About this task – Starting at the line with "Lemma sqnorm_gt0 u" and going on through the line with "(\sum_x \sum_(p in", reproduce each line in the records below exactly and nothing more.
··· Available records
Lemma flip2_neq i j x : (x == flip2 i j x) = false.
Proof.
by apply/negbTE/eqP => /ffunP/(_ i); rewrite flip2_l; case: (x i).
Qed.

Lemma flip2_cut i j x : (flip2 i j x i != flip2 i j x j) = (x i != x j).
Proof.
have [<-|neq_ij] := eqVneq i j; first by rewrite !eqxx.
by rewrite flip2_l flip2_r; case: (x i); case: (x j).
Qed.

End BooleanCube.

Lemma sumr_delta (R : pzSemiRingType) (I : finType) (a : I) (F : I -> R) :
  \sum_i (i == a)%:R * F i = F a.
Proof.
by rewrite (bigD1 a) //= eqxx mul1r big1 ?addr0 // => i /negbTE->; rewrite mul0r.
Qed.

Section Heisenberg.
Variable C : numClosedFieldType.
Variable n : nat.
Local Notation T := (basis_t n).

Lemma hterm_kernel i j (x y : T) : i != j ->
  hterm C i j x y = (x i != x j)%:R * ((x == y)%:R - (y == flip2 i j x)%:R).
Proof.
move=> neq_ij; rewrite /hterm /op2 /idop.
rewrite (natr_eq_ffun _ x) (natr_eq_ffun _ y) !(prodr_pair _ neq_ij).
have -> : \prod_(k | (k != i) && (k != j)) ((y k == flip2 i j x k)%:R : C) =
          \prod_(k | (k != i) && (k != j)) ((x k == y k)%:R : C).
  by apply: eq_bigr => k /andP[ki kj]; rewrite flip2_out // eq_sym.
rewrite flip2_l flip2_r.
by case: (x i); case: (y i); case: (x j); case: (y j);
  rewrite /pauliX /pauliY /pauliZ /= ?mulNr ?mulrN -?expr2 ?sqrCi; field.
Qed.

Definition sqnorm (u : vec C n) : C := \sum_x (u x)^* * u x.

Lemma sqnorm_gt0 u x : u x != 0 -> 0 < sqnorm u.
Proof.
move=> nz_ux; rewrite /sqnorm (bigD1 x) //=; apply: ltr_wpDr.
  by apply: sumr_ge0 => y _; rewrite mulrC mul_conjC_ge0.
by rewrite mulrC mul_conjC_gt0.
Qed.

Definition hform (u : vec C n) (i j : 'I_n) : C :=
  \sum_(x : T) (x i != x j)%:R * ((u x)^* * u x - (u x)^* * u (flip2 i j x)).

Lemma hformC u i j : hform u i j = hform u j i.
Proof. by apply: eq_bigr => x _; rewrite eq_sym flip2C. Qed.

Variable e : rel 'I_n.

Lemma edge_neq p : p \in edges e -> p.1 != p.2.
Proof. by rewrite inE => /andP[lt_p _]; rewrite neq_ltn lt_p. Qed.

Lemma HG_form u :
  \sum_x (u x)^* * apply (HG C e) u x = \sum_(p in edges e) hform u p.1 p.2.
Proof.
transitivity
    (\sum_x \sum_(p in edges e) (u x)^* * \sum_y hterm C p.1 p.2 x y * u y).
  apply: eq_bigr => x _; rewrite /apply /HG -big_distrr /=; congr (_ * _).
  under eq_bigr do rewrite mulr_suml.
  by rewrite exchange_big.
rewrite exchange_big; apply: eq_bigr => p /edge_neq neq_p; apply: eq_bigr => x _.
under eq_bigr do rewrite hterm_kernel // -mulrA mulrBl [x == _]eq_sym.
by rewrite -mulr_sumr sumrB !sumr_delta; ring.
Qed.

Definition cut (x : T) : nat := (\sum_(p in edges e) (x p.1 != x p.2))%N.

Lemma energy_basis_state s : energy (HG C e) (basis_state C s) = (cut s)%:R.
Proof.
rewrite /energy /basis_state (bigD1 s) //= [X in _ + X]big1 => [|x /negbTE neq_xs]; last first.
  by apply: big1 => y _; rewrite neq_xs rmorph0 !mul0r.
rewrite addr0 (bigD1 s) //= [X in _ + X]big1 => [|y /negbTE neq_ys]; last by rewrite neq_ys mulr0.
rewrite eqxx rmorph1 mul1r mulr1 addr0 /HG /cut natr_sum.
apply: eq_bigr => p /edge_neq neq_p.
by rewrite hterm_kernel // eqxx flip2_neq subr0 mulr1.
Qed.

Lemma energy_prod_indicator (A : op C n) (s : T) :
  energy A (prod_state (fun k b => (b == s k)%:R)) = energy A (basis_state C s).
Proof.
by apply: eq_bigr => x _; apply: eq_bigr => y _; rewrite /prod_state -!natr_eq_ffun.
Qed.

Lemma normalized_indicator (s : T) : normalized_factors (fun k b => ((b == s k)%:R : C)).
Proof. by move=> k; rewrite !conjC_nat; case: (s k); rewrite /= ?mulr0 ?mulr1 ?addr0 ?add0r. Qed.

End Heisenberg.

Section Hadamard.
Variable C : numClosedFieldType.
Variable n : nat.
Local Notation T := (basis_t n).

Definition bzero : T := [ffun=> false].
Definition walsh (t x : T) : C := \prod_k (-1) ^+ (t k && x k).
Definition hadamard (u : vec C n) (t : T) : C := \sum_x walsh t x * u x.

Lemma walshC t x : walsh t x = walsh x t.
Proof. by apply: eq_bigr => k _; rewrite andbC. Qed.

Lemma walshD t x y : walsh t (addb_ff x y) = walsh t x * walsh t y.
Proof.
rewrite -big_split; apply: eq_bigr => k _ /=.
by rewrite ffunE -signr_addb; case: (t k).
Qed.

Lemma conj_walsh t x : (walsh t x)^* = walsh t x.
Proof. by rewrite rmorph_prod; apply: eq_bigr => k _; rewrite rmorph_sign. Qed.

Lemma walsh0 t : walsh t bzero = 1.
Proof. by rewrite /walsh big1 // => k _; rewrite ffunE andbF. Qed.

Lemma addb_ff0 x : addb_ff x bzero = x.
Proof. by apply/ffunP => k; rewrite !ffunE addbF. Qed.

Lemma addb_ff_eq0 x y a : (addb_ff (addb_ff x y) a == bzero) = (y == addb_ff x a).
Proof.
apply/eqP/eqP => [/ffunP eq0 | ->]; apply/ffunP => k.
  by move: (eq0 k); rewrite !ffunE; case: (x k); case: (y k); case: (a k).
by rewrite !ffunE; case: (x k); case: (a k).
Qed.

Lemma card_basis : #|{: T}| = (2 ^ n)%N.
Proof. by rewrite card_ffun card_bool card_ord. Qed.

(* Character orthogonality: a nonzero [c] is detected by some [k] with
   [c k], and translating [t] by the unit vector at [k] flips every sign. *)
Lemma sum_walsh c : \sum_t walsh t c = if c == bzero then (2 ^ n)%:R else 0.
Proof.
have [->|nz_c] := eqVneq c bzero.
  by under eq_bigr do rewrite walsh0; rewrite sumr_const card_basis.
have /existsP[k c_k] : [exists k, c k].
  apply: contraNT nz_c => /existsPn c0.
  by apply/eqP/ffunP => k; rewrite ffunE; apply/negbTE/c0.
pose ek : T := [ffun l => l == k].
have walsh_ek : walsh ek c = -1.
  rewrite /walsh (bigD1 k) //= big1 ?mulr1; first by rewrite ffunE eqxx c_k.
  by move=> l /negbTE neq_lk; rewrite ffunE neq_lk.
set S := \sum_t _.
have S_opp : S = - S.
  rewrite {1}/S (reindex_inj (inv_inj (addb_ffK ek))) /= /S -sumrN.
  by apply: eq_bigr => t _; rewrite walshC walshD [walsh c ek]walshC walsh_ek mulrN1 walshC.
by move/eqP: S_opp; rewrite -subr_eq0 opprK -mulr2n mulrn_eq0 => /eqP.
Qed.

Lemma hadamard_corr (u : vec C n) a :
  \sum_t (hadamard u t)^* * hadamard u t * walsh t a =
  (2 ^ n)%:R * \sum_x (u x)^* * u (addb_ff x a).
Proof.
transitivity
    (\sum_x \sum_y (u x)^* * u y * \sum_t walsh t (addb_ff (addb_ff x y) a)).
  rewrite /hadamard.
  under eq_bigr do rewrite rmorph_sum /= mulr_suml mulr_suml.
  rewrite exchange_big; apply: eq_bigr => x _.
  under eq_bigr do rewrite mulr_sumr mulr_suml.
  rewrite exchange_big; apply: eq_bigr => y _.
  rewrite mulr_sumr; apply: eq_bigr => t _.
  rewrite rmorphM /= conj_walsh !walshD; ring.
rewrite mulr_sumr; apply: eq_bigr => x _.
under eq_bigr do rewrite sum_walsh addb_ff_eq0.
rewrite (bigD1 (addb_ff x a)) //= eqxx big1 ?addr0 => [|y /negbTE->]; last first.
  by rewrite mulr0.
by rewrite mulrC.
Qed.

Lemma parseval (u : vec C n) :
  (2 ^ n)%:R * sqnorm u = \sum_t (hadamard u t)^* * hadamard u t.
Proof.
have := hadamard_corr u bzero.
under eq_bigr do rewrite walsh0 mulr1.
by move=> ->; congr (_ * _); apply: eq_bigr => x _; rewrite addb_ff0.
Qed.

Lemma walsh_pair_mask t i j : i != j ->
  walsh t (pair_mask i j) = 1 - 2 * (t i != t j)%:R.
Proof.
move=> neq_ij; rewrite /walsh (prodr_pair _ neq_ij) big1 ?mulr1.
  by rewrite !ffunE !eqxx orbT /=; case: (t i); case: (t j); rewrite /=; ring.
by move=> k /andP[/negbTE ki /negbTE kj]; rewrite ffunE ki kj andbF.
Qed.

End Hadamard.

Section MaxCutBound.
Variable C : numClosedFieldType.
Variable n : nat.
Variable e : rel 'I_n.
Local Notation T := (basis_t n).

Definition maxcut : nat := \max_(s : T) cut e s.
······
Response area –
Lemma sqnorm_gt0 u x : u x != 0 -> 0 < sqnorm u.
Proof.
move=> nz_ux; rewrite /sqnorm (bigD1 x) //=; apply: ltr_wpDr.
  by apply: sumr_ge0 => y _; rewrite mulrC mul_conjC_ge0.
by rewrite mulrC mul_conjC_gt0.
Qed.

Definition hform (u : vec C n) (i j : 'I_n) : C :=
  \sum_(x : T) (x i != x j)%:R * ((u x)^* * u x - (u x)^* * u (flip2 i j x)).

Lemma hformC u i j : hform u i j = hform u j i.
Proof. by apply: eq_bigr => x _; rewrite eq_sym flip2C. Qed.

Variable e : rel 'I_n.

Lemma edge_neq p : p \in edges e -> p.1 != p.2.
Proof. by rewrite inE => /andP[lt_p _]; rewrite neq_ltn lt_p. Qed.

Lemma HG_form u :
  \sum_x (u x)^* * apply (HG C e) u x = \sum_(p in edges e) hform u p.1 p.2.
Proof.
transitivity
    (\sum_x \sum_(p in edges e) (u x)^* * \sum_y hterm C p.1 p.2 x y * u y).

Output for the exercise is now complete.